Using the date command we’re able to retrieve today’s date and time in any format we want. For example:

$ date +“%d-%m-%y”

The argument after the command indicates the format we’d like - %d will be replaced with the day of the month, %m the month, and %y the year. So this will output today’s date in the form day, month and year, separated by hyphens, e.g. 16-11-20. We can capture this date output in a Bash variable using $(), for example in the shell:

$ today_date=$(date +“%d-%m-%y”)

Copying files with new filenames

Write a script in the novice/shell directory that goes through each .csv file in the data directory (that resides in the novice/shell directory) and creates a copy of that file with today’s date at the start of the filename, e.g. 16-11-20-sc_climate_data.csv.

Hints:

With the input data files we’re going to use held in the data directory, create a new directory which will be used to hold your output files. When writing scripts or programs that generate output from input, it is a good idea to separate where you keep your input and output files. This allows you to more easily distinguish between the two, makes it easier to understand, and retains your original input which is invaluable if your script has a fault and corrupts your input data. It also means that if you add an additional processing step that will work on the output data and generate new output, you can logically extend this by adding a new script and a new directory to hold that new output, and so on.
You can use basename followed by a path to extract only the filename from a path, e.g. basename test_directory/notes.txt produces notes.txt.
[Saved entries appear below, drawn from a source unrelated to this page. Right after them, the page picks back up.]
Lemma simple_prod_phi n x : simple_prod n x -> simple_prod n (phi x).
Proof. exact (simple_prod_hom phi phi_mul phi_one simple_phi n x). Qed.

Lemma simple_prod_phi_inv n x : simple_prod n x -> simple_prod n (phi_inv x).
Proof. exact (simple_prod_hom phi_inv phi_inv_mul phi_inv_one simple_phi_inv n x). Qed.

(* The join of w and Delta supplies the first simple factor of w^-1 Delta^(n+1). *)
Lemma simple_prod_leL_Delta_pow_compl n : forall w,
  M w -> leL w (gpow Delta n) -> simple_prod n (w^-1 * gpow Delta n).
Proof.
  induction n as [|n IH]; intros w Mw Hw; simpl in *.
  - unfold leL in Hw. rewrite gmul1r in Hw.
    rewrite (M_pointed w Mw Hw), ginv_one, gmul1l. constructor.
  - destruct (leL_lattice w Delta) as [_ [j (Hwj & HDj & Hj)]].
    assert (Hj_wD : leL j (w * Delta)).
    { apply Hj; [now apply leL_mulr, M_Delta|].
      unfold leL. rewrite gmulA. exact (M_phi_inv w Mw). }
    assert (Hj_pow : leL (Delta^-1 * j) (gpow Delta n)).
    { rewrite <- (leL_mul2l Delta). rewrite gmulKV.
      apply Hj; [exact Hw|]. apply leL_mulr, M_gpow. }
    replace (w^-1 * (Delta * gpow Delta n))
      with (w^-1 * j * ((Delta^-1 * j)^-1 * gpow Delta n)) by now gsimpl.
    constructor; [split|].
    + exact Hwj.
    + rewrite <- (leL_mul2l w), gmulKV. exact Hj_wD.
    + apply IH; [exact HDj | exact Hj_pow].
Qed.

Lemma simple_prod_leL_Delta_pow n x :
  M x -> leL x (gpow Delta n) -> simple_prod n x.
Proof.
  intros Mx Hx.
  assert (Mw : M (gpow Delta n * x^-1)).
  { apply (Nat.iter_invariant n _ phi M M_phi) in Hx. revert Hx.
    unfold leL. rewrite iter_phi. now gsimpl. }
  assert (Hw : leL (gpow Delta n * x^-1) (gpow Delta n)) by (unfold leL; now gsimpl).
  pose proof (simple_prod_leL_Delta_pow_compl n _ Mw Hw) as Hn. revert Hn. now gsimpl.
Qed.

Definition left_coprime a b := forall u, M u -> leL u a -> leL u b -> u = gone.

Lemma left_coprime_phi_inv a b : left_coprime a b -> left_coprime (phi_inv a) (phi_inv b).
Proof.
  intros Hab u Mu Ha Hb.
  apply leL_phi in Ha, Hb. rewrite phi_invK in Ha, Hb.
  rewrite <- (phiK u), (Hab (phi u) (M_phi u Mu) Ha Hb). apply phi_inv_one.
Qed.

(* For u dividing Delta and s Y, the quotient s^-1 (u \/ s) divides both
   s^-1 Delta and Y. *)
Lemma meet_Delta_left_coprime s Y :
  simple s -> M Y -> left_coprime (s^-1 * Delta) Y -> is_meetL M Delta (s * Y) s.
Proof.
  intros [Ms Hs] MY Hcop. split; [exact Hs|]. split; [now apply leL_mulr|].
  intros u HuD HuY.
  destruct (leL_lattice u s) as [_ [j (Huj & Hsj & Hj)]].
  assert (E : s^-1 * j = gone).
  { apply Hcop; [exact Hsj | |].
    - apply leL_mul2l. now apply Hj.
    - rewrite <- (leL_mul2l s), gmulKV. apply Hj; [exact HuY | now apply leL_mulr]. }
  rewrite <- (gmulKV _ s j), E, gmul1r in Huj. exact Huj.
Qed.

(* With x = t y and h = Delta /\ y, the element s^-1 t h is simple and
   s^-1 x = (s^-1 t h) (h^-1 y). *)
Lemma simple_prod_meet_Delta n : forall x s,
  simple_prod (S n) x -> is_meetL M Delta x s -> simple_prod n (s^-1 * x).
Proof.
  induction n as [|n IH]; intros x s Hx (HsD & Hsx & Hs);
    inversion Hx as [|? t y [Mt HtD] Hy]; subst.
  - inversion Hy; subst. rewrite gmul1r in *.
    assert (Hts : leL t s) by (apply Hs; [exact HtD | apply leL_refl]).
    rewrite (leL_antisym _ _ Hsx Hts), gmulVl. constructor.
  - assert (My : M y) by exact (M_simple_prod _ _ Hy).
    assert (Hts : leL t s) by (apply Hs; [exact HtD | now apply leL_mulr]).
    destruct (leL_lattice Delta y) as [[h Hh] _].
    pose proof (IH y h Hy Hh) as Hhy. destruct Hh as (HhD & _ & Hh).
    assert (Hr : leL (t^-1 * s) h).
    { apply Hh.
      - unfold leL in *.
        replace ((t^-1 * s)^-1 * Delta) with (s^-1 * Delta * phi_inv t)
          by (unfold phi_inv; now gsimpl).
        apply M_mul; [exact HsD | exact (M_phi_inv t Mt)].
      - rewrite <- (leL_mul2l t), gmulKV. exact Hsx. }
    replace (s^-1 * (t * y)) with (s^-1 * (t * h) * (h^-1 * y)) by now gsimpl.
    constructor; [split | exact Hhy].
    + unfold leL in Hr. revert Hr. now gsimpl.
    + unfold leL in *.
      replace ((s^-1 * (t * h))^-1 * Delta) with (h^-1 * Delta * phi_inv (t^-1 * s))
        by (unfold phi_inv; now gsimpl).
      apply M_mul; [exact HhD | exact (M_phi_inv _ Hts)].
Qed.

Definition has_word_le x n := exists m, m <= n /\ word_of_len M Delta x m.

Lemma word_of_len_mul x y n m :
  word_of_len M Delta x n -> word_of_len M Delta y m -> word_of_len M Delta (x * y) (n + m).
Proof.
  intros (l1 & H1 & <- & <-) (l2 & H2 & <- & <-). exists (l1 ++ l2). split; [|split].
  - intros z Hz. apply in_app_or in Hz as [Hz | Hz]; auto.
  - apply lprod_app.
  - apply length_app.
Qed.

Lemma has_word_le_mul x y n m :
  has_word_le x n -> has_word_le y m -> has_word_le (x * y) (n + m).
Proof.
  intros (n' & Hn & Hx) (m' & Hm & Hy). exists (n' + m').
  split; [lia | now apply word_of_len_mul].
Qed.

Lemma has_word_le_letter y x n :
  simple y \/ simple y^-1 -> has_word_le x n -> has_word_le (y * x) (S n).
Proof.
  intros Hy Hx. destruct (classic (y = gone)) as [-> | Hy1].
  - rewrite gmul1l. destruct Hx as (m & Hm & Hx). exists m. split; [lia | exact Hx].
  - apply (has_word_le_mul y x 1 n); [|exact Hx]. exists 1. split; [lia|].
    exists [y]. split; [|split; [apply gmul1r | reflexivity]].
    intros z [<- | []].
    assert (Hy1' : y^-1 <> gone) by (intro E; apply Hy1; now rewrite <- (ginvK _ y), E, ginv_one).
    destruct Hy; [left | right]; split; assumption.
Qed.

Lemma has_word_le_one : has_word_le gone 0.
Proof. exists 0. split; [lia|]. exists []. repeat split. intros y []. Qed.

Lemma has_word_le_simple_prod n x : simple_prod n x -> has_word_le x n.
Proof.
  induction 1 as [|n s x Hs _ IH].
  - apply has_word_le_one.
  - apply has_word_le_letter; [now left | exact IH].
Qed.

Lemma word_exists x : exists n, word_of_len M Delta x n.
Proof.
  destruct (G_gen x) as [l [Hl <-]].
  enough (Hw : has_word_le (lprod l) (length l)) by (destruct Hw as (m & _ & Hm); now exists m).
  induction l as [|y l IH]; simpl.
  - apply has_word_le_one.
  - apply has_word_le_letter; [apply Hl; now left|].
    apply IH. intros z Hz. apply Hl. now right.
Qed.

Lemma lg_spec x : is_lg M Delta x (lg M Delta x).
Proof.
  unfold lg. apply epsilon_spec.
  destruct (dec_inh_nat_subset_has_unique_least_element (word_of_len M Delta x))
    as (n & Hn & _).
  - intro n. apply classic.
  - apply word_exists.
  - now exists n.
Qed.

Lemma lg_le x n : has_word_le x n -> lg M Delta x <= n.
Proof.
  intros (m & Hm & Hx). apply (Nat.le_trans _ m); [now apply lg_spec | exact Hm].
Qed.

Lemma lg_simple_prod_le n x : simple_prod n x -> lg M Delta x <= n.
Proof. intro Hx. now apply lg_le, has_word_le_simple_prod. Qed.

Lemma lg_mul_le x y : lg M Delta (x * y) <= lg M Delta x + lg M Delta y.
Proof.
  apply lg_le, has_word_le_mul.
  - exists (lg M Delta x). split; [lia | apply lg_spec].
  - exists (lg M Delta y). split; [lia | apply lg_spec].
Qed.

Lemma leL_Delta_pow_lg x : leL x (gpow Delta (lg M Delta x)).
Proof. apply word_leL_Delta_pow, lg_spec. Qed.

Lemma lg_simple_le s : simple s -> lg M Delta s <= 1.
Proof.
  intro Hs. apply lg_simple_prod_le. rewrite <- (gmul1r _ s).
  constructor; [exact Hs | constructor].
Qed.

Lemma simple_PhiZ_neg k w : simple w -> simple (PhiZ Delta (- Z.of_nat k) w).
Proof. rewrite PhiZ_neg. apply Nat.iter_invariant, simple_phi_inv. Qed.

Lemma omega_prod_S_l w k : omega_prod Delta w (S k) = w * phi_inv (omega_prod Delta w k).
Proof.
  induction k as [|k IH].
  - cbn [omega_prod]. rewrite PhiZ_neg, phi_inv_one. now gsimpl.
  - change (omega_prod Delta w (S (S k)))
      with (omega_prod Delta w (S k) * PhiZ Delta (- Z.of_nat (S k)) w).
    rewrite IH at 1. cbn [omega_prod].
    rewrite !PhiZ_neg, Nat.iter_succ, !phi_inv_mul. now gsimpl.
Qed.

Lemma M_omega_prod w k : simple w -> M (omega_prod Delta w k).
Proof.
  intros [Mw _]. induction k as [|k IH]; [apply M_one|].
  rewrite omega_prod_S_l. apply M_mul; [exact Mw | exact (M_phi_inv _ IH)].
Qed.

Lemma lg_omega_prod_le w k : simple w -> lg M Delta (omega_prod Delta w k) <= k.
Proof.
  intro Hw. induction k as [|k IH]; cbn [omega_prod].
  - apply lg_simple_prod_le. constructor.
  - pose proof (lg_simple_le _ (simple_PhiZ_neg k w Hw)).
    pose proof (lg_mul_le (omega_prod Delta w k) (PhiZ Delta (- Z.of_nat k) w)). lia.
Qed.

Section Parabolic.
Variable delta : G.
Hypothesis HP : ParabolicSub M Delta delta.

Local Notation omega := (delta^-1 * Delta).
Local Notation reduced := (reduced M Delta delta).

Lemma M_delta : M delta.
Proof. now destruct HP. Qed.

Lemma Div_delta x : Div M delta x <-> simple x /\ Defs.Nsub M delta x.
Proof. destruct HP as (_ & _ & HD & _). apply HD. Qed.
Extracting columns from CSV

A really handy command to know when working with comma-separated value (CSV) data is the cut command. You can use the cut command to extract a specific column from CSV data, e.g.:

$ echo “1,2,3,4” | cut -d”,” -f 3

Will output 3.

The -d argument specifies, within quotes, the delimiter that separates the columns on each line, whilst the -f argument indicates the column (or columns) you wish to extract.

Filtering our output

Let’s extend our pipeline to extract a specific column of data from each of our newly copied files.

Create a new script that takes each new file we created in the earlier exercise and creates a new file (again, in another separate output directory), which contains only the data held in the Max_temp_jul_F column.